Ladies, what are your honest thoughts on this? Usually we can appreciate the beauty of sexual ornaments in other species only because our senses happen to respond to some of the same stimuli as the senses of those other species. Skinner's manifesto Science and Human Behavior, in which people were portrayed as robots driven by conditioned associations. Why would they waste surplus energy in such displays? Certainly, runaway sexual selection was a theoretical possibility, but bizarre ornaments were not considered to be real adaptations. The idea that the human mind evolved as a sort of software peacock's tail has been mooted before, usually to be dismissed in favor of some alternative theory. Their intricate songs evolved for courtship.
We are a species that evolved to care about status, not truth. In this brilliantly ambitious and provocative book, evolutionary psychologist Geoffrey Miller shows the evolutionary power of sexual choice and the reasons why our ancestors became attracted not only to pretty faces and healthy bodies, but to minds that were witty, articulate, generous, and conscious. The first he explained as identification badges to help animals recognize which species others belonged to. T h e fact that there are no good theories of these adaptations is one of science's secrets. Miller does this, and he does it in an entertaining and sexy way. The result was that wits became quicker and spirits more generous. This sexual choice view also sounds rather circular as an explanation of human mental evolution.

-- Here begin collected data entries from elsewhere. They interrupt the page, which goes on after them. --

Definition dirichlet u v : R :=
  cellsum (fun i j => Dx h u i j * Dx h v i j + Dy h u i j * Dy h v i j).

Lemma cellsum_lapM u v : sp u -> sp v ->
  cellsum (fun i j => lap h u i j * v i j) = - dirichlet u v.
Proof.
move=> Pu Pv; rewrite /dirichlet cellsumD opprD -cellsum_dxM -?cellsum_dyM -?cellsumD;
  try by periodicity.
by apply: eq_cellsum => i j; rewrite /lap mulrDl.
Qed.

Lemma dirichletC u v : dirichlet u v = dirichlet v u.
Proof. by apply: eq_cellsum => i j; rewrite mulrC [Dy h u i j * _]mulrC. Qed.

Lemma dirichlet_ge0 u : 0 <= dirichlet u u.
Proof. by apply: cellsum_ge0 => i j; rewrite -!expr2 addr_ge0 ?sqr_ge0. Qed.

Lemma young_weighted (c A x y : R) : 0 < A ->
  c * (x * y) <= A * x ^+ 2 + c ^+ 2 / (4 * A) * y ^+ 2.
Proof.
move=> A0; rewrite -subr_ge0.
have -> : A * x ^+ 2 + c ^+ 2 / (4 * A) * y ^+ 2 - c * (x * y)
          = (2 * A * x - c * y) ^+ 2 / (4 * A) by field; rewrite gt_eqF.
by rewrite divr_ge0 ?sqr_ge0 // mulr_ge0 // ltW.
Qed.

Lemma dirichlet_young (c A : R) u v : 0 < A ->
  c * dirichlet u v <= A * dirichlet u u + c ^+ 2 / (4 * A) * dirichlet v v.
Proof.
move=> A0; rewrite /dirichlet -!cellsumZ -cellsumD; apply: ler_cellsum => i j.
have := young_weighted c (Dx h u i j) (Dx h v i j) A0.
have := young_weighted c (Dy h u i j) (Dy h v i j) A0.
rewrite !expr2; lra.
Qed.

End SummationByParts.

Section PoissonSolvability.
Variable R : realType.
Variable n : nat.
Local Notation N := n.+1.
Variable h : R.
Hypothesis h_neq0 : h != 0.
Local Notation cellsum := (@cellsum R N).
Local Notation sp := (@shift_periodic R N).

Definition cell_index (i : int) : 'I_N := inord `|((i - 1) %% N%:Z)%Z|%N.

Definition periodize (W : 'M[R]_N) : grid R := fun i j => W (cell_index i) (cell_index j).

Lemma cell_index_cell (a : 'I_N) : cell_index (a.+1)%:Z = a.
Proof.
apply: val_inj; rewrite /cell_index -predn_int // modz_small /=; last by rewrite ltz_nat ltn_ord.
by rewrite inordK.
Qed.

Lemma cell_indexE (i : int) : ((cell_index i).+1)%:Z = ((i - 1) %% N%:Z)%Z + 1.
Proof.
have r0 : (0 <= ((i - 1) %% N%:Z)%Z) by rewrite modz_ge0.
rewrite /cell_index inordK; last by rewrite -ltz_nat gez0_abs // ltz_pmod.
by rewrite -addn1 PoszD gez0_abs.
Qed.

Lemma shift_periodic_periodize W : sp (periodize W).
Proof. by split=> i j; rewrite /periodize /cell_index addrAC modzDr. Qed.

Lemma shift_periodic_cellE u : sp u -> forall i j,
  u i j = u ((cell_index i).+1)%:Z ((cell_index j).+1)%:Z.
Proof.
move=> /periodicP Pu i j; rewrite !cell_indexE.
have E k : ((k - 1) %% N%:Z)%Z + 1 + ((k - 1) %/ N%:Z)%Z * N%:Z = k.
  by rewrite addrAC [X in X + 1]addrC -divz_eq subrK.
by rewrite -{1}(E i) -{1}(E j) Pu.
Qed.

However, this side-effect view is equally unsatisfying. I am perfectly aware that this is not the way professional biologists currently use these terms. Peacock tails do not need a sexual subconscious in order to be sexually attractive, a n d neither do our instincts for art, generosity, or creativity. The more classic statement that follows that line of reasoning is the claim that we evolved noses in order to wear glasses. Zahavi suggested that the high costs of many sexual ornaments are what keep the ornaments reliable as indicators of fitness.
The theory of sexual selection was an intellectual bolt from the blue, and sexual selection through female choice was especially shocking. Temperamentally, it reflects nothing more than a Wall Street trader's contempt for leisure. But in evolutionary psychology we have to deal with evolution, and that means paying attention to genetically heritable individual differences that give survival or reproductive advantages over other individuals. His reward was a mouthful of defensive beetle-acid, but his enthusiasm remained intact. Most provocatively, he combined sex with mind and the enigma of human evolution in his two-volume masterpiece The Descent of Man, and Selection in Relation to Sex.
This is easy to confuse. Also, geneticists will find out more about which genes we share with other apes. First off, I found this book very hard to read. Biologists recognize that sexual selection through mate choice is a fickle, unpredictable, diversifying process. No doubt an interesting fiction could be built up along these lines, but would anyone believe it, and, if he did, could he prove it? Runaway would never have started.